**Exercise requirements:** The material below contains a line with "rewrite oracle_normal_equation // mulr0 mulr0" and a line with "by move: (cabs _) => s sms smbs; nra.". Copy exactly those two lines and all lines between them.

**Task inputs:**
Lemma vecF_oracle realF : matF realF A -> vecF realF b -> vecF realF xS.
Proof.
case: realF => FA Fb; last by [].
move: FA Fb => /matF_realP FA /vecF_matF/matF_realP Fb; apply/vecF_matF/matF_realP.
have FAS : mxconj AS = AS.
  apply/matrixP => i j; rewrite !mxE; case: ifP => _; last exact: rmorph0.
  by rewrite -[in RHS]FA mxE.
have hX' := MP_inverse_mxconj hX.
rewrite mxconjM mxconj_adjoint FAS in hX'.
by rewrite !mxconjM -(MP_inverse_unique (adjoint_gram AS) hX hX') mxconj_adjoint FAS Fb.
Qed.

End Oracle.

Section Main.
Variable R : realType.
Local Notation C := (complex R).
Local Notation Re := (@complex.Re R).
Variables (realF : bool) (m n : nat) (A : 'M[C]_(m, n)) (mu : R) (x0 : 'cV[C]_n).
Variables (eps b : 'cV[C]_m) (N : nat) (X : 'M[C]_n).
Hypotheses (FA : matF realF A) (Fx0 : vecF realF x0) (Feps : vecF realF eps).
Hypotheses (A1 : colnorm A <= 1) (mu_gt0 : 0 < mu) (bE : b = A *m x0 + eps).
Hypotheses (KN2 : (2 * cardv x0 <= N)%N) (beta_gt0 : 0 < beta realF A N).
Hypothesis eps_small : norm2 eps < beta realF A N ^+ 2 * Num.sqrt mu.
Hypothesis x0_large : forall j, j \in supp x0 ->
  ((beta realF A N ^+ 2)^-1 + 1) * Num.sqrt mu < cabs (x0 j 0).
Hypothesis hX :
  is_MP_inverse (adjoint (restrict_cols A (supp x0)) *m restrict_cols A (supp x0)) X.

Local Notation S := (supp x0).
Local Notation K := (cardv x0).
Local Notation xS := (X *m adjoint (restrict_cols A (supp x0)) *m b).
Local Notation bt := (beta realF A N).
Local Notation sm := (Num.sqrt mu).
Local Notation r := (b - A *m xS).
Local Notation c j := ((adjoint A *m (b - A *m xS)) j 0).

Lemma K_le_N : (K <= N)%N.
Proof. by apply: leq_trans KN2; rewrite leq_pmull. Qed.

Lemma bt_le1 : bt <= 1.
Proof. exact: beta_le1. Qed.

Lemma sqr_bt_le1 : bt ^+ 2 <= 1.
Proof. by rewrite expr_le1 ?bt_le1 ?(ltW beta_gt0). Qed.

Lemma sm_gt0 : 0 < sm.
Proof. by rewrite sqrtr_gt0. Qed.

Lemma sqr_sm : sm ^+ 2 = mu.
Proof. by rewrite sqr_sqrtr ?(ltW mu_gt0). Qed.

Lemma x0_notin j : j \notin S -> x0 j 0 = 0.
Proof. by rewrite inE negbK => /eqP. Qed.

Lemma vecF_xS : vecF realF xS.
Proof. by apply: vecF_oracle; rewrite // bE; apply: vecF_add => //; apply: vecF_mul. Qed.

Lemma Re_residual_le j w : Re (w^* * c j) <= cabs w * norm2 r.
Proof. exact: Re_adjoint_coord_le. Qed.

Lemma reip_residual (z : 'cV[C]_n) : reip (A *m z) r = \sum_j Re ((z j 0)^* * c j).
Proof. by rewrite reip_adjoint reipE. Qed.

Lemma data_termE (y : 'cV[C]_n) : A *m y - b = A *m (y - xS) - r.
Proof. by rewrite mulmxBr opprB addrA subrK. Qed.

Local Notation w := (xS - x0).

Lemma oracle_err_notin j : j \notin S -> w j 0 = 0.
Proof. by move=> jS; rewrite cV_coordB oracle_notin // x0_notin // subrr. Qed.

Lemma cardv_oracle_err : (cardv w <= K)%N.
Proof.
apply: subset_leq_card; apply/fintype.subsetP => j; rewrite !inE.
by apply: contraNN => /eqP x0j; rewrite oracle_err_notin ?inE ?x0j ?eqxx.
Qed.

Lemma vecF_oracle_err : vecF realF w.
Proof. exact: vecF_sub vecF_xS Fx0. Qed.

(* the residual is orthogonal to the range of [A_S], which contains [A w] *)
Lemma sqnorm2_noise : sqnorm2 eps = sqnorm2 r + sqnorm2 (A *m w).
Proof.
have -> : eps = r + A *m w by rewrite bE mulmxBr addrC !addrA subrK addrC addKr.
rewrite sqnorm2D reipC reip_residual big1 ?mulr0 ?addr0 // => j _.
have [jS|jS] := boolP (j \in S); first by rewrite oracle_normal_equation // mulr0.
by rewrite oracle_err_notin // rmorph0 mul0r.
Qed.

Lemma norm2_residual_le : norm2 r <= norm2 eps.
Proof. by rewrite !norm2E ler_wsqrtr // sqnorm2_noise lerDl sqnorm2_ge0. Qed.

Lemma norm2_residual_lt : norm2 r < bt ^+ 2 * sm.
Proof. exact: le_lt_trans norm2_residual_le eps_small. Qed.

Lemma sqnorm2_residual_lt : sqnorm2 r < mu.
Proof.
rewrite -sqr_norm2 -sqr_sm ltr_pXn2r ?nnegrE ?norm2_ge0 ?sqrtr_ge0 //.
apply: lt_le_trans norm2_residual_lt _; rewrite ler_piMl ?sqrtr_ge0 //.
exact: sqr_bt_le1.
Qed.

Lemma beta_oracle_err_le k : (K <= k)%N ->
  beta realF A k * norm2 w <= norm2 eps.
Proof.
move=> Kk; apply: le_trans (beta_mul_norm2_le _ vecF_oracle_err _) _.
  exact: leq_trans cardv_oracle_err Kk.
by rewrite !norm2E ler_wsqrtr // sqnorm2_noise lerDr sqnorm2_ge0.
Qed.

Lemma norm2_oracle_err_lt : norm2 w < sm.
Proof.
have bw := beta_oracle_err_le K_le_N.
rewrite -(ltr_pM2l beta_gt0); apply: le_lt_trans bw (lt_le_trans eps_small _).
by rewrite expr2 -mulrA ler_pM2l // ler_piMl ?sqrtr_ge0 ?bt_le1.
Qed.

Lemma oracle_large j : j \in S -> sm < bt ^+ 2 * cabs (xS j 0).
Proof.
move=> jS; have := x0_large jS.
have x0j : cabs (x0 j 0) <= cabs (xS j 0) + cabs (w j 0).
  have -> : x0 j 0 = xS j 0 + - w j 0 by rewrite cV_coordB opprB addrC subrK.
  by rewrite -[cabs (w j 0)]cabsN ler_cabsD.
have wj := le_lt_trans (cabs_le_norm2 w j) norm2_oracle_err_lt.
have bt2 : 0 < bt ^+ 2 by rewrite exprn_gt0.
rewrite mulrDl mul1r -ltrBrDr => h.
rewrite -ltr_pdivrMl // mulrC.
lra.
Qed.

Lemma oracle_gt_sm j : j \in S -> sm < cabs (xS j 0).
Proof.
move=> /oracle_large; move/lt_le_trans; apply.
by rewrite ler_piMl ?cabs_ge0 ?sqr_bt_le1.
Qed.

Lemma oracle_neq0 j : (xS j 0 != 0) = (j \in S).
Proof.
have [jS|jS] := boolP (j \in S); last by rewrite oracle_notin ?eqxx.
by rewrite -cabs_gt0 (lt_trans sm_gt0) ?oracle_gt_sm.
Qed.

Lemma supp_oracle : supp xS = S.
Proof. by apply/setP => j; rewrite inE oracle_neq0. Qed.

Lemma cardv_oracle : cardv xS = K.
Proof. by rewrite /cardv supp_oracle. Qed.

Lemma oracle_err_le : norm2 w <= norm2 eps / beta realF A K.
Proof.
have [w0|w0] := eqVneq w 0; first by rewrite w0 norm20 divr_ge0 ?norm2_ge0 ?beta_ge0.
have btK : bt <= beta realF A K.
  exact: beta_le_mono K_le_N vecF_oracle_err w0 cardv_oracle_err.
by rewrite ler_pdivlMr ?(lt_le_trans beta_gt0) // mulrC beta_oracle_err_le.
Qed.

Definition Kgap j (v : C) : R :=
  mu * ((v != 0)%:R - (j \in S)%:R) + bt ^+ 2 * cabs (v - xS j 0) ^+ 2
  - 2 * Re ((v - xS j 0)^* * c j).

Lemma Kgap_oracle j : Kgap j (xS j 0) = 0.
Proof. by rewrite /Kgap oracle_neq0 !subrr cabs0 rmorph0 mul0r; ring. Qed.

Lemma Kgap_gt0 j v : v != xS j 0 -> 0 < Kgap j v.
Proof.
move=> vxS; have bt2 : 0 < bt ^+ 2 by rewrite exprn_gt0.
have sm0 := sm_gt0; have musm : mu = sm * sm by rewrite -expr2 sqr_sm.
rewrite /Kgap; have [jS|jS] := boolP (j \in S).
  rewrite oracle_normal_equation // mulr0 mulr0 subr0 /=.
  have [->|v0] := eqVneq v 0; last first.
    by rewrite /= subrr mulr0 add0r mulr_gt0 ?exprn_gt0 ?cabs_gt0 ?subr_eq0.
  rewrite /= !sub0r cabsN; have := oracle_large jS; have := oracle_gt_sm jS.
  by move: (cabs _) => s sms smbs; nra.
move: vxS; rewrite oracle_notin // mulr0n !subr0 => v0; rewrite v0 mulr1.
have := Re_residual_le j v; have := norm2_residual_lt; have := sqr_bt_le1.
have : 0 < cabs v by rewrite cabs_gt0.
move: (Re _) (norm2 _) (cabs v) => a e rho rho0 bt21 e_lt a_le.
(* [mu + bt^2 rho^2 - 2 bt^2 sm rho = bt^2 (rho - sm)^2 + mu (1 - bt^2)] *)
have : 0 <= bt ^+ 2 * (rho - sm) ^+ 2 + mu * (1 - bt ^+ 2).
  by apply: addr_ge0; apply: mulr_ge0; rewrite ?sqr_ge0 ?subr_ge0 //; apply: ltW.
have : rho * e < rho * (bt ^+ 2 * sm) by rewrite ltr_pM2l.
nra.
Qed.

**Task output:**
  rewrite oracle_normal_equation // mulr0 mulr0 subr0 /=.
  have [->|v0] := eqVneq v 0; last first.
    by rewrite /= subrr mulr0 add0r mulr_gt0 ?exprn_gt0 ?cabs_gt0 ?subr_eq0.
  rewrite /= !sub0r cabsN; have := oracle_large jS; have := oracle_gt_sm jS.
  by move: (cabs _) => s sms smbs; nra.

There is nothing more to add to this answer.